Rituximab and PCNSL.
Rituximab targets the common B-cell marker CD20. Outside the brain, it shows efficacy in patients with different kinds of B-cell lymphoma.5,6 In the brain, its specificity is appropriate for PCNSL, which is typically a B-cell lymphoma. On the other hand, the BBB is likely to block antibody access to sites of infiltrative tumor, and this is also typical of PCNSL. This suggests that full efficacy may require actively delivering antibody across the BBB.44,51,52
In practice, the potential efficacy of rituximab against PCNSL, with or without BBB opening, is not yet known. Although increasing, PCNSL is still rare;18 most reports of rituximab use describe small studies and the antibody is often given as part of a complex therapy, without internal controls.53,58 Given these limitations, work in a related context is relevant.
Systemic rituximab has shown efficacy for patients with autoimmune diseases, especially multiple sclerosis (MS), where B cells are thought to contribute to pathology.32,59 In this case, interpretation is aided by simpler treatments and well-controlled studies.

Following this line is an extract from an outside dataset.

(* Let $\tau_n\in\Gamma_n$ be a fixed rooted planar tree, let $\ell_n$ be a uniformly random admissible labeling of $\tau_n$, and let $(S^{\tau_n}_m)_{m=0}^n$ be the conditioned walk defined below. Then $$\big(S^{\tau_n}_m\big)_{m=0}^n\overset{d}{=}\big(\ell_n(c_m)\big)_{m=0}^n .$$
   Context: A rooted planar tree is a finite rooted plane (ordered) tree; $\Gamma_n$ is the set of rooted planar trees with $n$ edges. Vertices at even distance from the root (including the root) are white, those at odd distance are black; $V^\bullet(\tau)$ denotes the black vertices. For a black vertex $u$ of degree $k$ (number of neighbours), let $u_0$ be its parent and $u_1,\dots,u_{k-1}$ its children in clockwise order, $u_k=u_0$. An admissible labeling is a map $\ell$ from the white vertices to $\mathbb Z$ with $\ell(\text{root})=0$ and $\ell(u_{j+1})\ge \ell(u_j)-1$ for every black $u$ and $0\le j\le k-1$. White contour sequence: the clockwise contour walk around $\tau_n$ from the root has $2n$ steps alternately visiting white and black vertices; $c_m$ is the white vertex visited at step $2m$, $m=0,\dots,n$. For black $v$, $B_v\subseteq\{1,\dots,n\}$ is the set of $i$ such that the contour walk passes through $v$ between its visits to $c_{i-1}$ and $c_i$. Let $\xi_i$ be i.i.d. with $\mathbb P(\xi_1=i)=2^{-i-2}$, $i\ge-1$; $S_m=\sum_{i\le m}\xi_i$, $S_B=\sum_{i\in B}\xi_i$; $(S^{\tau_n}_m)_{m=0}^n$ has the law of $(S_m)_{m=0}^n$ conditioned on $\{S_{B_v}=0\ \forall v\in V^\bullet(\tau_n)\}$. *)

From Stdlib Require Import Reals List ZArith Arith Lia.
Import ListNotations.
Open Scope R_scope.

Although rituximab shows efficacy in MS, the mechanism and sites of action are not known. In particular, because autoimmune B cells must enter the brain from the blood, efficacy does not necessarily reflect attack of targets in the brain.59
Trastuzumab and metastastic breast cancer.

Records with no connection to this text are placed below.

Section DisjointJoin.
Variable T : finType.
Implicit Types (D : {set {set T}}) (S A B : {set T}) (F : {set T + T}) (v : T).

Definition lpart F : {set T} := inl @^-1: F.
Definition rpart F : {set T} := inr @^-1: F.

Definition disjoint_join D S : {set {set T + T}} :=
  [set F | [&& lpart F \in D, [disjoint lpart F & rpart F] & rpart F \subset S]].

Lemma in_disjoint_join D S F : (F \in disjoint_join D S) =
  [&& lpart F \in D, [disjoint lpart F & rpart F] & rpart F \subset S].
Proof. by rewrite inE. Qed.

Lemma disjoint_joinP D S F : reflect
  [/\ lpart F \in D, [disjoint lpart F & rpart F] & rpart F \subset S]
  (F \in disjoint_join D S).
Proof. by rewrite in_disjoint_join; apply: and3P. Qed.

Lemma card_lpart_rpart F : #|F| = #|lpart F| + #|rpart F|.
Proof.
rewrite -sum1_card big_sumType /= -!sum1dep_card.
by congr (_ + _); apply: eq_card => x; rewrite !inE.
Qed.

Lemma lpart_setU1l v F : lpart (inl v |: F) = v |: lpart F.
Proof. by apply/setP => x; rewrite !inE. Qed.

Lemma rpart_setU1l v F : rpart (inl v |: F) = rpart F.
Proof. by apply/setP => x; rewrite !inE. Qed.

Lemma lpart_setU1r v F : lpart (inr v |: F) = lpart F.
Proof. by apply/setP => x; rewrite !inE. Qed.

The challenge of late brain metastases. As use of trastuzumab for Her2-overexpressing breast cancer became widespread, a troubling finding was an apparent increase in brain metastases.3,10,23,60 The reasons are not known. Brain metastases are typically a late occurrence in breast cancer,10,23,60,61 and so longer survival itself is relevant.3,23,60 The BBB is often assumed to be important;10,23,60,61 however, its role depends upon a point that is often not explicitly discussed: Brain metastases often occur in parallel with tumor control at other sites.9,10 If the patient has responded to antibody therapy in the periphery, what can be the source of the newly-detected brain metastases? Two possibilities imply different roles for the BBB (Fig. 3).

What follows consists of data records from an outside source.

Lemma trail_splice_all t (G1 : seq (walk V E)) : trailT t ->
  (forall g : walk V E, g \in G1 -> trailT g /\ ~~ anchor_disjoint t g) ->
  (forall e, e \in wedges t -> ecount e G1 = 0) -> (forall e, ecount e G1 <= 1) ->
  exists T, [/\ trailT T, subtrail t T, (forall g : walk V E, g \in G1 -> subtrail g T),
    (forall e, (e \in wedges T) = (e \in wedges t) || (ecount e G1 != 0)) &
    forall x, x \in anchors T ->
      x \in anchors t \/ exists2 g : walk V E, g \in G1 & x \in anchors g].
Proof.
move=> ct; elim: G1 => [|g G1 IH] HG d1 c1.
  exists t; split => //; first exact: subtrail_refl.
  - by move=> e; rewrite /ecount /= orbF.
  - by move=> x; left.
have HG' : forall g' : walk V E, g' \in G1 -> trailT g' /\ ~~ anchor_disjoint t g'.
  by move=> g' g'G; apply: HG; rewrite inE g'G orbT.
have d1' : forall e, e \in wedges t -> ecount e G1 = 0.
  by move=> e et; move: (d1 e et); rewrite /ecount /=; case: (e \in wedges g).
have c1' : forall e, ecount e G1 <= 1.
  by move=> e; move: (c1 e); rewrite /ecount /=; case: (e \in wedges g) => //= /ltnW.
have [T' [cT' st sG eT' aT']] := IH HG' d1' c1'.
have [cg ndg] := HG g (mem_head _ _).
have [b bt bg] : exists2 b, b \in anchors t & b \in anchors g.
  by move: ndg; rewrite negbK => /hasP [b bt bg]; exists b.
have djT : forall e, e \in wedges T' -> e \notin wedges g.
  move=> e; rewrite eT' => /orP [et|ne]; apply/negP => eg.
    by move: (d1 e et); rewrite /ecount /= eg.
  by move: (c1 e); rewrite /ecount /= eg add1n ltnS leqn0 -/(ecount e G1) (negbTE ne).
have [T [cT aT eT]] := trail_splice cT' cg (st.1 b bt) bg djT.
exists T; split => //.
- apply: subtrail_trans st _; split => x; first by rewrite aT mem_cat => ->.
  by rewrite eT => ->.
- move=> g'; rewrite inE => /orP [/eqP ->|g'G].
    by split => x; [rewrite aT mem_cat orbC => -> | rewrite eT orbC => ->].
  apply: subtrail_trans (sG g' g'G) _; split => x; first by rewrite aT mem_cat => ->.
  by rewrite eT => ->.
- move=> e; rewrite eT eT' /ecount /=; case: (e \in wedges g); rewrite /= ?orbT //.
  by rewrite orbF.
- move=> x; rewrite aT mem_cat => /orP [/aT' [->|[g' g'G xg']]|xg].
  + by left.
  + by right; exists g' => //; rewrite inE g'G orbT.
  + by right; exists g => //; rewrite mem_head.
Qed.

Lemma count_filter_split (T : Type) (P Q : pred T) (L : seq T) :
  count P [seq x <- L | Q x] + count P [seq x <- L | ~~ Q x] = count P L.
Proof.
elim: L => [|a L IH] //=; case: (Q a) => /=; first by rewrite -addnA IH.
by rewrite addnCA IH.
Qed.

Lemma count_filter_le (T : Type) (P Q : pred T) (L : seq T) :
  count P [seq x <- L | Q x] <= count P L.
Proof. by rewrite -(count_filter_split P Q L) leq_addr. Qed.

(* The trails of [G] sharing an anchor with [t] are spliced into [t]; the others
   are kept, and stay anchor-disjoint from the spliced trail. *)
Lemma trail_merge_one t (G : seq (walk V E)) :
  trailT t -> (forall g : walk V E, g \in G -> trailT g) ->
  pairwise anchor_disjoint G -> (forall e, e \in wedges t -> ecount e G = 0) ->
  (forall e, ecount e G <= 1) ->
  exists G' : seq (walk V E), [/\ forall T, T \in G' -> trailT T,
    forall e, ecount e G' = (e \in wedges t) + ecount e G, pairwise anchor_disjoint G' &
    forall g : walk V E, g \in t :: G -> exists2 T, T \in G' & subtrail g T].
Proof.
move=> ct cG pG d0 c1.
pose G1 := [seq g <- G | ~~ anchor_disjoint t g].
pose G2 := [seq g <- G | anchor_disjoint t g].
have sp e : ecount e G2 + ecount e G1 = ecount e G by exact: count_filter_split.
have d1 e : e \in wedges t -> ecount e G1 = 0.
  by move=> et; apply/eqP; rewrite -leqn0 -(d0 e et); exact: count_filter_le.
have c1' e : ecount e G1 <= 1 by apply: leq_trans (c1 e); exact: count_filter_le.
have HG (g : walk V E) : g \in G1 -> trailT g /\ ~~ anchor_disjoint t g.
  by rewrite mem_filter => /andP [h gG]; split => //; apply: cG.
have [T [cT st sG1 eT aT]] := trail_splice_all ct HG d1 c1'.
exists (T :: G2); split.
- move=> T'; rewrite inE => /orP [/eqP ->//|]; rewrite mem_filter => /andP [_]; exact: cG.
- move=> e; rewrite -(sp e) [ecount e (T :: G2)]/ecount /= -/(ecount e G2) eT.
  case: (boolP (e \in wedges t)) => et /=; first by rewrite d1 // addn0.
  by rewrite add0n addnC; case: (ecount e G1) (c1' e) => [|[|]].
- rewrite pairwise_cons (pairwise_filter _ pG) andbT; apply/allP => g.
  rewrite mem_filter => /andP [dg gG]; apply/hasPn => x xT; apply/negP => xg.
  case: (aT x xT) => [xt|[g1 g1G xg1]].
    by move/hasPn: dg => /(_ x xt); rewrite xg.
  move: g1G; rewrite mem_filter => /andP [ng1 g1G].
  have neq : g1 != g by apply: contraNneq ng1 => ->.
  have := pairwise_in pG g1G gG neq; rewrite (anchor_disjoint_sym g g1) orbb.
  by move=> /hasPn /(_ x xg1); rewrite xg.
- move=> g; rewrite inE => /orP [/eqP ->|gG]; first by exists T; rewrite ?mem_head.
  case: (boolP (anchor_disjoint t g)) => dg.
    by exists g; [rewrite inE mem_filter dg gG orbT | exact: subtrail_refl].
  by exists T; [rewrite mem_head | apply: sG1; rewrite mem_filter dg].
Qed.

Lemma trails_merge (L : seq (walk V E)) : (forall t, t \in L -> trailT t) ->
  (forall e, ecount e L <= 1) ->
  exists L' : seq (walk V E), [/\ forall T, T \in L' -> trailT T,
    forall e, ecount e L' = ecount e L, pairwise anchor_disjoint L' &
    forall t, t \in L -> exists2 T, T \in L' & subtrail t T].
Proof.
elim: L => [|t L IH] cL c1; first by exists [::]; split.
have cL0 t' : t' \in L -> trailT t' by move=> tL; apply: cL; rewrite inE tL orbT.
have c10 e : ecount e L <= 1.
  by move: (c1 e); rewrite /ecount /=; case: (e \in wedges t) => //= /ltnW.
have [G [cG nG pG sG]] := IH cL0 c10.
have d0 e : e \in wedges t -> ecount e G = 0.
  by move=> et; move: (c1 e); rewrite /ecount /= et add1n ltnS leqn0 -/(ecount e L) -nG => /eqP.
have c1G e : ecount e G <= 1 by rewrite nG.
have [G' [cG' nG' pG' sG']] := trail_merge_one (cL t (mem_head _ _)) cG pG d0 c1G.
exists G'; split => //; first by move=> e; rewrite nG' nG.
move=> t'; rewrite inE => /orP [/eqP ->|t'L]; first exact: sG' (mem_head _ _).
have [g gG sg] := sG t' t'L.
have [T TG' gT] : exists2 T, T \in G' & subtrail g T by apply: sG'; rewrite inE gG orbT.
by exists T => //; exact: subtrail_trans sg gT.
Qed.

Lemma trailT_of VS ES T : closed_strict_trail inc VS ES T -> trailT T.
Proof.
case: T => v0 s [[v0V w] c st]; split => //; split; first exact: in_setT.
by apply: walk_from_sub w; apply: subsetT.
Qed.

Lemma ecount1_eq e (L : seq (walk V E)) a b : ecount e L = 1 -> a \in L -> b \in L ->
  e \in wedges a -> e \in wedges b -> a = b.
Proof.
rewrite /ecount -size_filter => cnt1 aL bL ea eb.
have : b \in [seq w <- L | e \in wedges w] by rewrite mem_filter eb.
have : a \in [seq w <- L | e \in wedges w] by rewrite mem_filter ea.
by case: [seq w <- L | _] cnt1 => [|c [|]] // _; rewrite !inE => /eqP -> /eqP ->.
Qed.

Definition is_block (p : {set V} * {set E}) : bool :=
  if excluded_middle_informative (block inc setT setT p.1 p.2) then true else false.

Lemma is_blockP p : reflect (block inc setT setT p.1 p.2) (is_block p).
Proof. by rewrite /is_block; case: excluded_middle_informative => h; constructor. Qed.

Definition blocks := enum [pred p | is_block p].

Lemma mem_blocks p : (p \in blocks) = is_block p.
Proof. by rewrite mem_enum inE. Qed.

Lemma count_blocks_edge e : count (fun p : {set V} * {set E} => e \in p.2) blocks = 1.
Proof.
have [VB [EB [bB eB]]] := block_of_edge e.
have -> : count (fun p : {set V} * {set E} => e \in p.2) blocks = count_mem (VB, EB) blocks.
  apply: eq_in_count => -[VB' EB']; rewrite mem_blocks => /is_blockP /= bB'.
  apply/idP/eqP => [eB'|[_ ->] //].
  by have [-> ->] := block_edge_unique bB' bB eB' eB.
by rewrite count_uniq_mem ?enum_uniq // mem_blocks (introT (is_blockP (VB, EB)) bB).
Qed.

Model 1. New blood-borne tumor. Late brain metastases may represent new blood-borne tumor from outside the brain, perhaps from known sites of apparently stable disease or from undetected, dormant tumor elsewhere. Eventually, this tumor begins to grow and provides a source of new blood-borne metastases.62 In this case, if systemic mAb therapy is continued even after tumor is no longer detected in the periphery, it may attack the potential brain metastases at their original site or in the blood (Fig. 3A), before the tumor even enters the brain; the BBB need not be involved. Since this tumor has escaped that particular mAb in the periphery, switching to a different therapeutic agent may be preferable. Of course, once the tumor enters the brain, the role of the BBB would change as the tumor grows, just as in Model 2.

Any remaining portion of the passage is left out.